Saving for retirement poses some unique challenges: How are you supposed to prioritize retirement savings against the long list of more immediate goals? How are you supposed to find the motivation to prepare for something that’s decades away? How can you quantify the amount you will need to save when you have no idea what your future will look like? The good news is that you can boost your retirement savings by practicing the same good money habits that apply to smaller savings goals.
Savings thrive when they have long stretches of uninterrupted time in which to accumulate and compound, so it’s in your best interest to eliminate any obstacles that threaten those ideal saving conditions. Focus on paying off any high-interest debt—you know, the kind that sucks up money that could otherwise be going toward your goals. Eliminating roadblocks also means having a healthy emergency fund in place, so that your savings progress doesn’t get wiped out by an unexpected job loss (a good starting point is three months’ worth of expenses).
So your emergency fund is set up and your debt-management plan is in place—now is a great time to see if there are ways to automate your savings at work and at home. Can your employer automatically deduct your retirement contributions from your paycheck? Can you set up your online banking system to regularly transfer a certain amount to your savings account? Look for ways to make the act of saving easier, more consistent and less time-consuming.

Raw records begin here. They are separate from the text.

(* Let $\kappa\in[1,2]$. There exists a real-valued function $h\in C_c^\infty(\mathbb R)$ with support contained in $[0,\infty)$ such that $$\int_{-1}^{1}\overline{\widehat h(-\xi)}\,\widehat h(\xi)\,\frac{d\xi}{\xi^2+\kappa}<0.$$
   Context: $\widehat h(\xi)=\int_{\mathbb R}h(x)e^{i\xi x}\,dx$ denotes the Fourier transform (the sign convention in the exponent is immaterial here). *)

From Stdlib Require Import Reals.
From Coquelicot Require Import Coquelicot.
Open Scope R_scope.

Definition smooth (h : R -> R) : Prop :=
  forall (n : nat) (x : R), ex_derive_n h n x.

Definition compact_support (h : R -> R) : Prop :=
  exists M : R, forall x : R, M < Rabs x -> h x = 0.

(* supp h is contained in [0, +oo) (equivalently, since [0,oo) is closed,
   h vanishes on (-oo, 0)). *)
Definition support_in_nonneg (h : R -> R) : Prop :=
  forall x : R, x < 0 -> h x = 0.

(* Fourier transform  \hat h(xi) = \int_R h(x) e^{i xi x} dx,
   with e^{i t} = (cos t, sin t) (Coquelicot has no complex exp), as a C-valued improper Riemann integral over (-oo, +oo). *)
Definition fourier (h : R -> R) (xi : R) : C :=
  RInt_gen (V := C_R_CompleteNormedModule)
    (fun x : R => scal (h x) ((cos (xi * x), sin (xi * x)) : C))
    (Rbar_locally m_infty) (Rbar_locally p_infty).

From Stdlib Require Import Reals Lra Lia FunctionalExtensionality.
From Coquelicot Require Import Coquelicot.
Open Scope R_scope.

(* Let g be the bump exp(-1/(x(1/2 - x))) on (0, 1/2), so that 0 <= g <= 1, and
   put h := g'. Its smoothness comes from the fact that the functions
   r(x) P(1/q(x)) e^(-1/q(x)) (r, P, q polynomials, extended by 0 where q <= 0)
   are smooth and form a family closed under differentiation.
   Integration by parts gives  hhat(xi) = -i xi ghat(xi)  with
   ghat = g_cos + i g_sin, and since h is real,
   conj(hhat(-xi)) hhat(xi) = hhat(xi)^2 = -xi^2 ghat(xi)^2.
   For |xi| <= 1 the phase xi x stays in [-1/2, 1/2] on the support of g, so
   g_cos >= 7/8 (int g) and |g_sin| <= 1/2 (int g): the real part of the
   integrand is at most -xi^2 (int g)^2 / 6, while its imaginary part is odd
   in xi and integrates to 0. *)

Inductive is_poly : (R -> R) -> Prop :=
| is_poly_const c : is_poly (fun _ => c)
| is_poly_id : is_poly (fun y => y)
| is_poly_plus p q : is_poly p -> is_poly q -> is_poly (fun y => p y + q y)
| is_poly_mult p q : is_poly p -> is_poly q -> is_poly (fun y => p y * q y).

Lemma is_poly_ext p q : (forall y, p y = q y) -> is_poly p -> is_poly q.
Proof. intros E Hp. replace q with p by (apply functional_extensionality; exact E). exact Hp. Qed.

Lemma is_poly_affine a b : is_poly (fun y => a + b * y).
Proof. repeat constructor. Qed.

Lemma is_poly_minus p q : is_poly p -> is_poly q -> is_poly (fun y => p y - q y).
Proof.
  intros Hp Hq. apply is_poly_ext with (fun y => p y + (-1) * q y); [intro; ring|].
  apply is_poly_plus; [exact Hp | apply is_poly_mult; [apply is_poly_const | exact Hq]].
Qed.

Lemma is_poly_pow n : is_poly (fun y => y ^ n).
Proof.
  induction n as [|n IH]; [exact (is_poly_const 1)|].
  apply is_poly_mult; [apply is_poly_id | exact IH].
Qed.

Lemma is_poly_derive p :
  is_poly p -> exists p', is_poly p' /\ forall y, is_derive p y (p' y).
Proof.
  induction 1 as [c| |p q _ [p' [Hp' Dp]] _ [q' [Hq' Dq]]|p q Hp [p' [Hp' Dp]] Hq [q' [Hq' Dq]]].
  - exists (fun _ => 0); split; [constructor | intro y; apply (is_derive_const c y)].
  - exists (fun _ => 1); split; [constructor | intro y; apply (is_derive_id y)].
  - exists (fun y => p' y + q' y); split; [now apply is_poly_plus | intro y; now apply (is_derive_plus p q)].
  - exists (fun y => p' y * q y + p y * q' y); split.
    + repeat constructor; assumption.
    + intro y. apply (is_derive_mult p q y); auto. intros; apply Rmult_comm.
Qed.

Lemma is_poly_bound p :
  is_poly p -> exists C n, 0 <= C /\ forall y, 0 <= y -> Rabs (p y) <= C * (1 + y) ^ n.
Proof.
  induction 1 as [c| |p q _ [C1 [n1 [HC1 B1]]] _ [C2 [n2 [HC2 B2]]]
                 |p q _ [C1 [n1 [HC1 B1]]] _ [C2 [n2 [HC2 B2]]]].
  - exists (Rabs c), 0%nat. split; [apply Rabs_pos | intros y _; simpl; lra].
  - exists 1, 1%nat. split; [lra | intros y Hy; simpl; rewrite Rabs_pos_eq; lra].
  - exists (C1 + C2), (n1 + n2)%nat. split; [lra | intros y Hy].
    assert (E1 : (1 + y) ^ n1 <= (1 + y) ^ (n1 + n2)) by (apply Rle_pow; [lra | lia]).
    assert (E2 : (1 + y) ^ n2 <= (1 + y) ^ (n1 + n2)) by (apply Rle_pow; [lra | lia]).
    specialize (B1 y Hy); specialize (B2 y Hy).
    pose proof (Rabs_triang (p y) (q y)).
    pose proof (Rmult_le_compat_l C1 _ _ HC1 E1).
    pose proof (Rmult_le_compat_l C2 _ _ HC2 E2). lra.
  - exists (C1 * C2), (n1 + n2)%nat. split; [now apply Rmult_le_pos | intros y Hy].
    rewrite Rabs_mult, pow_add.
    replace (C1 * C2 * ((1 + y) ^ n1 * (1 + y) ^ n2))
      with ((C1 * (1 + y) ^ n1) * (C2 * (1 + y) ^ n2)) by ring.
    apply Rmult_le_compat; auto using Rabs_pos.
Qed.

Lemma pow_le_exp (m : nat) (y : R) :
  0 <= y -> (1 + y) ^ S m <= INR (S m) ^ S m * exp y.
Proof.
  intros Hy. set (M := INR (S m)).
  assert (HM : 1 <= M) by (unfold M; rewrite S_INR; pose proof (pos_INR m); lra).
  assert (Hbase : (1 + y) / M <= exp (y / M)).
  { apply Rle_trans with (1 + y / M); [|apply exp_ineq1_le].
    unfold Rdiv. assert (/ M <= 1) by (rewrite <- Rinv_1; apply Rinv_le_contravar; lra).
    assert (0 < / M) by (apply Rinv_0_lt_compat; lra). nra. }
  assert (Hexp : exp (y / M) ^ S m = exp y).
  { rewrite <- Rpower_pow by apply exp_pos. unfold Rpower. rewrite ln_exp.
    f_equal. fold M. field. lra. }
  replace ((1 + y) ^ S m) with (M ^ S m * ((1 + y) / M) ^ S m).
  2:{ unfold Rdiv. rewrite Rpow_mult_distr, pow_inv. field. apply pow_nonzero; lra. }
  apply Rmult_le_compat_l; [apply pow_le; lra|].
  rewrite <- Hexp. apply pow_incr. split; [|exact Hbase].
  apply Rdiv_le_0_compat; lra.
Qed.

Definition poly_expinv (P : R -> R) (t : R) : R :=
  if Rlt_dec 0 t then P (/ t) * exp (- / t) else 0.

Increase Savings Along With Income
As your income increases, increase the amount you contribute to your savings goals. It’s very easy to slip into a slightly larger lifestyle after a raise. It’s equally easy to treat unexpected income as “extra money,” whether it’s a bonus at work or $20 in a birthday card from Grandma. There’s nothing wrong with rewarding yourself from time to time, but limiting your living expenses—even in times where you don’t have to—will free up more resources for your long-term savings goals. More importantly, you’ll be better prepared should your income levels take a hit. Allow your savings to scale up with your income, but don’t let your expenses scale up along with them!